EXERCISE DATA:
(* Let $N\geq 3$ be prime, $q\in\mathbb{C}$ with $q^N=1$, $q\neq 1$, and let $X\subset\mathbb{R}^d$ be a convex subspace. Let $\tau\in C^q_m(X)$ and $\sigma\in C^q_n(X)$ be singular $q$-chains with $mn>0$. Then $$\partial(\tau*\sigma)=\partial(\tau)*\sigma+q^{m+1}\,\tau*\partial(\sigma).$$
   Context: Singular $q$-chains: $C^q_n(X)$ is the free $\mathbb{Z}[q]$-module with basis the continuous maps $\sigma:\Delta^n\to X$, where $\Delta^n\subset\mathbb{R}^{n+1}$ is the convex hull of the standard basis $e_0,\dots,e_n$. The $j$-th face of an $n$-simplex is $\partial_j\sigma=\sigma\circ\lambda_j$, where $\lambda_j:\Delta^{n-1}\to\Delta^n$ is the affine map sending $e_0,\dots,e_{n-1}$ in order to $e_0,\dots,\widehat{e_j},\dots,e_n$; the border map is $\partial=\sum_{j=0}^n q^j\partial_j$ on $C^q_n(X)$ for $n\geq1$, extended linearly. Convex product: for singular simplices $\tau:\Delta^m\to X$, $\sigma:\Delta^n\to X$, write points of $\Delta^{m+n+1}$ as $(\alpha;\beta)=(\alpha_0,\dots,\alpha_m;\beta_0,\dots,\beta_n)$, $|\alpha|=\sum\alpha_i$, $|\beta|=\sum\beta_j$; then $\tau*\sigma:\Delta^{m+n+1}\to X$ is $\tau(\alpha)$ if $|\beta|=0$, $\sigma(\beta)$ if $|\alpha|=0$, and $|\alpha|\,\tau(\alpha/|\alpha|)+|\beta|\,\sigma(\beta/|\beta|)$ otherwise. This is extended to a bilinear map $C^q_m(X)\times C^q_n(X)\to C^q_{m+n+1}(X)$. *)

From HB Require Import structures.
From mathcomp Require Import all_boot all_order all_algebra all_field.
From mathcomp Require Import all_classical all_reals all_analysis.
Set Implicit Arguments. Unset Strict Implicit. Unset Printing Implicit Defensive.
Import Order.TTheory GRing.Theory Num.Theory.
Import numFieldNormedType.Exports.
Local Open Scope ring_scope.
Local Open Scope classical_set_scope.

Section QChains.
Variables (R : realType) (d : nat).

(* Points of R^{k+1} are represented as functions nat -> R that vanish      *)
(* beyond index k.  The standard simplex Delta^k, in this representation:   *)
Definition stdsimplex (k : nat) (x : nat -> R) : Prop :=
  (forall i, 0 <= x i) /\ (forall i, (k < i)%N -> x i = 0) /\
  \sum_(i < k.+1) x i = 1.

Definition stdsimplex_rV (k : nat) : set 'rV[R]_(k.+1) :=
  [set v | (forall i, 0 <= v 0 i) /\ \sum_i v 0 i = 1].

Definition ext (k : nat) (v : 'rV[R]_(k.+1)) : nat -> R :=
  fun i => if (i < k.+1)%N then v 0 (inord i) else 0.

(* a (candidate) singular simplex: a map into R^d; only its values on the   *)
(* standard simplex matter *)
Definition smap := (nat -> R) -> 'rV[R]_d.

Definition singular_simplex (X : set 'rV[R]_d) (k : nat) (s : smap) : Prop :=
  {within @stdsimplex_rV k, continuous (s \o @ext k)} /\
  (forall x, stdsimplex k x -> X (s x)).

Definition same_simplex (k : nat) (s t : smap) : Prop :=
  forall x, stdsimplex k x -> s x = t x.

(* lambda_j : Delta^{k-1} -> Delta^k, e_i |-> e_i (i<j), e_i |-> e_{i+1} (i>=j) *)
Definition lambda (j : nat) (x : nat -> R) : nat -> R :=
  fun i => if (i < j)%N then x i else if i == j then 0 else x i.-1.

Definition face (j : nat) (s : smap) : smap := fun x => s (lambda j x).

(* chains: formal Z[q]-linear combinations, represented as finite lists *)
Definition chain := seq (algC * smap).

Definition in_Zq (q z : algC) : Prop :=
  exists p : {poly int}, z = (map_poly (fun k : int => k%:~R) p).[q].

Definition is_chain (q : algC) (X : set 'rV[R]_d) (k : nat) (c : chain) : Prop :=
  forall e, e \in c -> in_Zq q e.1 /\ singular_simplex X k e.2.

Definition coef (k : nat) (c : chain) (rho : smap) : algC :=
  \sum_(e <- c | `[< same_simplex k e.2 rho >]) e.1.

Definition chain_eq (k : nat) (c1 c2 : chain) : Prop :=
  forall rho, coef k c1 rho = coef k c2 rho.

Definition chain_scale (a : algC) (c : chain) : chain :=
  [seq (a * e.1, e.2) | e <- c].

Definition border (q : algC) (k : nat) (c : chain) : chain :=
  if k is 0 then [::] else
  flatten [seq [seq (q ^+ j * e.1, face j e.2) | j <- iota 0 k.+1] | e <- c].

Definition conv (m n : nat) (t s : smap) : smap := fun x =>
  let alpha := fun i => if (i <= m)%N then x i else 0 in
  let beta := fun i => if (i <= n)%N then x (m.+1 + i)%N else 0 in
  let a := \sum_(i < m.+1) x i in
  let b := \sum_(i < n.+1) x (m.+1 + i)%N in
  if b == 0 then t alpha
  else if a == 0 then s beta
  else a *: t (fun i => alpha i / a) + b *: s (fun i => beta i / b).

Definition cprod (m n : nat) (c1 c2 : chain) : chain :=
  [seq (e1.1 * e2.1, conv m n e1.2 e2.2) | e1 <- c1, e2 <- c2].

End QChains.

Definition convex_subset (R : realType) (d : nat) (X : set 'rV[R]_d) : Prop :=
  forall x y, X x -> X y -> forall t : R, 0 <= t -> t <= 1 ->
    X ((1 - t) *: x + t *: y).

From Pilot Require Import Defs.
From HB Require Import structures.
From mathcomp Require Import all_boot all_order all_algebra all_field.
From mathcomp Require Import all_classical all_reals all_analysis.
From mathcomp Require Import zify.
Import Order.TTheory GRing.Theory Num.Theory.
Import numFieldNormedType.Exports.
Set Implicit Arguments. Unset Strict Implicit.
Local Open Scope ring_scope.

(* The vertices of Delta^{m+n+1} are those of Delta^m followed by those of
   Delta^n.  Deleting the j-th vertex with j <= m therefore gives the convex
   product of the j-th face of tau with sigma, and deleting the vertex m+1+i
   gives the convex product of tau with the i-th face of sigma.  The border
   weight q^j of the first kind of face is the weight of the j-th face of tau,
   that of the second kind is q^(m+1) times the weight q^i of the i-th face of
   sigma. *)

Section FacesOfConvexProduct.
Variables (R : realType) (d : nat).

Lemma lambda_comp (h : R -> R) j (f : nat -> R) i : h 0 = 0 ->
  h (lambda j f i) = lambda j (h \o f) i.
Proof. by move=> h0; rewrite /lambda; case: ltnP => // _; case: eqP. Qed.

Lemma lambda_trunc j k (f : nat -> R) i : (j <= k.+1)%N ->
  (if (i <= k.+1)%N then lambda j f i else 0) =
  lambda j (fun i => if (i <= k)%N then f i else 0) i.
Proof.
move=> hj; rewrite /lambda; case: (ltnP i j) => hij.
  have -> : (i <= k.+1)%N by lia.
  by have -> : (i <= k)%N by lia.
case: eqP => [->|hne]; first by rewrite hj.
by case: i hij hne => [|i] /= hij hne; [lia | rewrite ltnS].
Qed.

Lemma lambda_addn m j (f : nat -> R) i :
  lambda (m + j) f (m + i) = lambda j (fun i => f (m + i)%N) i.
Proof.
rewrite /lambda ltn_add2l eqn_add2l; case: ltnP => // hij; case: eqP => // hne.
by case: i hij hne => [|i] hij hne; [lia | rewrite addnS].
Qed.

Lemma lambda_ltn j (f : nat -> R) i : (i < j)%N -> lambda j f i = f i.
Proof. by rewrite /lambda => ->. Qed.

Lemma lambda_gtn j (f : nat -> R) i : (j <= i)%N -> lambda j f i.+1 = f i.
Proof.
move=> hji; rewrite /lambda.
have -> : (i.+1 < j)%N = false by lia.
by have -> : (i.+1 == j) = false by lia.
Qed.

Lemma sum_lambda j k (f : nat -> R) : (j <= k)%N ->
  \sum_(i < k.+1) lambda j f i = \sum_(i < k) f i.
Proof.
elim: k => [|k IH] hj.
  have -> : j = 0%N by lia.
  by rewrite big_ord_recr !big_ord0 /lambda /= add0r.
rewrite big_ord_recr /=; case: (ltnP j k.+1) => hjk.
  rewrite IH; last by lia.
  by rewrite [RHS]big_ord_recr lambda_gtn.
have -> : j = k.+1 by lia.
rewrite /lambda ltnn eqxx addr0; apply: eq_bigr => i _.
by rewrite ltn_ord.
Qed.

Lemma face_conv_l m n (t s : smap R d) j : (j <= m.+1)%N ->
  face j (Defs.conv m.+1 n t s) = Defs.conv m n (face j t) s.
Proof.
move=> hj; apply: funext => x; rewrite /face /Defs.conv /=.
have tail i : lambda j x (m.+2 + i) = x (m.+1 + i)%N.
  by rewrite addSn lambda_gtn //; lia.
have tail_sum : \sum_(i < n.+1) lambda j x (m.+2 + i) =
    \sum_(i < n.+1) x (m.+1 + i)%N.
  by apply: eq_bigr => i _; rewrite tail.
rewrite sum_lambda // tail_sum.
have trunc_div a : (fun i => (if (i <= m.+1)%N then lambda j x i else 0) / a) =
    lambda j (fun i => (if (i <= m)%N then x i else 0) / a).
  apply: funext => i; rewrite lambda_trunc //.
  exact: (lambda_comp (h := fun y => y / a)) (mul0r _).
rewrite trunc_div (funext (fun i => lambda_trunc x i hj)).
by congr (if _ then _ else if _ then s _ else _ *: _ + _ *: s _);
  apply: funext => i; rewrite tail.
Qed.

Lemma face_conv_r m n (t s : smap R d) i : (i <= n.+1)%N ->
  face (m.+1 + i) (Defs.conv m n.+1 t s) = Defs.conv m n t (face i s).
Proof.
move=> hi; apply: funext => x; rewrite /face /Defs.conv /=.
have head k : (k <= m)%N -> lambda (m.+1 + i) x k = x k.
  by move=> hk; rewrite lambda_ltn //; lia.
have head_sum : \sum_(k < m.+1) lambda (m.+1 + i) x k = \sum_(k < m.+1) x k.
  by apply: eq_bigr => k _; rewrite head // -ltnS.
have tail_sum : \sum_(k < n.+2) lambda (m.+1 + i) x (m.+1 + k) =
    \sum_(k < n.+1) x (m.+1 + k)%N.
  by under eq_bigr do rewrite lambda_addn; exact: sum_lambda.
rewrite head_sum tail_sum.
have shift_trunc (h : R -> R) : h 0 = 0 ->
    (fun k => h (if (k <= n.+1)%N then lambda (m.+1 + i) x (m.+1 + k) else 0)) =
    lambda i (fun k => h (if (k <= n)%N then x (m.+1 + k)%N else 0)).
  move=> h0; apply: funext => k.
  by rewrite lambda_addn lambda_trunc // (lambda_comp _ _ _ h0).
rewrite (shift_trunc id) // (shift_trunc (fun y => y / _)) ?mul0r //.
by congr (if _ then t _ else if _ then _ else _ *: t _ + _);
  apply: funext => k; case: leqP => // hk; rewrite head.
Qed.

Lemma sum_faces_conv (V : nmodType) m n (t s : smap R d)
    (F : nat -> smap R d -> V) : (0 < m)%N -> (0 < n)%N ->
  \sum_(j <- iota 0 (m + n).+2) F j (face j (Defs.conv m n t s)) =
  \sum_(j <- iota 0 m.+1) F j (Defs.conv m.-1 n (face j t) s) +
  \sum_(i <- iota 0 n.+1) F (m.+1 + i)%N (Defs.conv m n.-1 t (face i s)).
Proof.
case: m => [//|m] _; case: n => [//|n] _.
rewrite (_ : ((m.+1 + n.+1).+2 = m.+2 + n.+2)%N); last by lia.
rewrite iotaD add0n -[in iota m.+2 _](addn0 m.+2) iotaDl big_cat big_map.
congr (_ + _); rewrite !big_seq; apply: eq_bigr => j; rewrite mem_iota => /andP[_].
  by rewrite add0n ltnS => hj; rewrite face_conv_l.
by rewrite add0n ltnS => hj; rewrite face_conv_r.
Qed.

End FacesOfConvexProduct.

Section ChainCoefficients.
Variables (R : realType) (d : nat).

Definition coef_term k (rho : smap R d) (e : algC * smap R d) : algC :=
  if `[< same_simplex k e.2 rho >] then e.1 else 0.

Lemma coef_sumE k (c : chain R d) rho :
  coef k c rho = \sum_(e <- c) coef_term k rho e.
Proof. exact: big_mkcond. Qed.

Lemma big_border (V : nmodType) q k (c : chain R d) (F : algC * smap R d -> V) :
  (0 < k)%N ->
  \sum_(e <- border q k c) F e =
  \sum_(e <- c) \sum_(j <- iota 0 k.+1) F (q ^+ j * e.1, face j e.2).
Proof.
case: k => // k _; rewrite big_flatten big_map.
by apply: eq_bigr => e _; rewrite big_map.
Qed.

Lemma big_cprod (V : nmodType) m n (c1 c2 : chain R d)
    (F : algC * smap R d -> V) :
  \sum_(e <- cprod m n c1 c2) F e =
  \sum_(e1 <- c1) \sum_(e2 <- c2) F (e1.1 * e2.1, Defs.conv m n e1.2 e2.2).
Proof. by rewrite big_allpairs_dep. Qed.

End ChainCoefficients.

(* The identity is formal. *)
Theorem lemma4p2 (R : realType) (d N : nat) (q : algC) (X : set 'rV[R]_d)
    (m n : nat) (tau sigma : chain R d) :
  prime N -> (3 <= N)%N -> q ^+ N = 1 -> q != 1 ->
  convex_subset X ->
  is_chain q X m tau -> is_chain q X n sigma -> (0 < m * n)%N ->
  chain_eq (m + n)
    (border q (m + n + 1) (cprod m n tau sigma))
    (cprod m.-1 n (border q m tau) sigma
       ++ chain_scale (q ^+ m.+1) (cprod m n.-1 tau (border q n sigma))).
Proof.
move=> _ _ _ _ _ _ _; rewrite muln_gt0 => /andP[m_gt0 n_gt0] rho.
rewrite !coef_sumE big_cat big_border ?addn1 // big_cprod.
rewrite big_cprod big_border //.
rewrite /chain_scale big_map big_cprod.
under [X in _ = _ + X]eq_bigr do rewrite big_border //.
rewrite -big_split; apply: eq_bigr => e1 _.
rewrite [X in _ = X + _]exchange_big -big_split; apply: eq_bigr => e2 _.
rewrite (sum_faces_conv _ _
  (fun j s => coef_term (m + n) rho (q ^+ j * (e1.1 * e2.1), s))) //.
congr (_ + _); apply: eq_bigr => j _.
  by rewrite mulrA.
by rewrite /= exprD -mulrA [e1.1 * (_ * _)]mulrCA.
Qed.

TASK DESCRIPTION: Look through the entries above and quote exactly the lines from the line with "-> Delta^k, e_i" to the line with "Definition coef (k", counting both of those lines.

RESPONSE BELOW:
(* lambda_j : Delta^{k-1} -> Delta^k, e_i |-> e_i (i<j), e_i |-> e_{i+1} (i>=j) *)
Definition lambda (j : nat) (x : nat -> R) : nat -> R :=
  fun i => if (i < j)%N then x i else if i == j then 0 else x i.-1.

Definition face (j : nat) (s : smap) : smap := fun x => s (lambda j x).

(* chains: formal Z[q]-linear combinations, represented as finite lists *)
Definition chain := seq (algC * smap).

Definition in_Zq (q z : algC) : Prop :=
  exists p : {poly int}, z = (map_poly (fun k : int => k%:~R) p).[q].

Definition is_chain (q : algC) (X : set 'rV[R]_d) (k : nat) (c : chain) : Prop :=
  forall e, e \in c -> in_Zq q e.1 /\ singular_simplex X k e.2.

Definition coef (k : nat) (c : chain) (rho : smap) : algC :=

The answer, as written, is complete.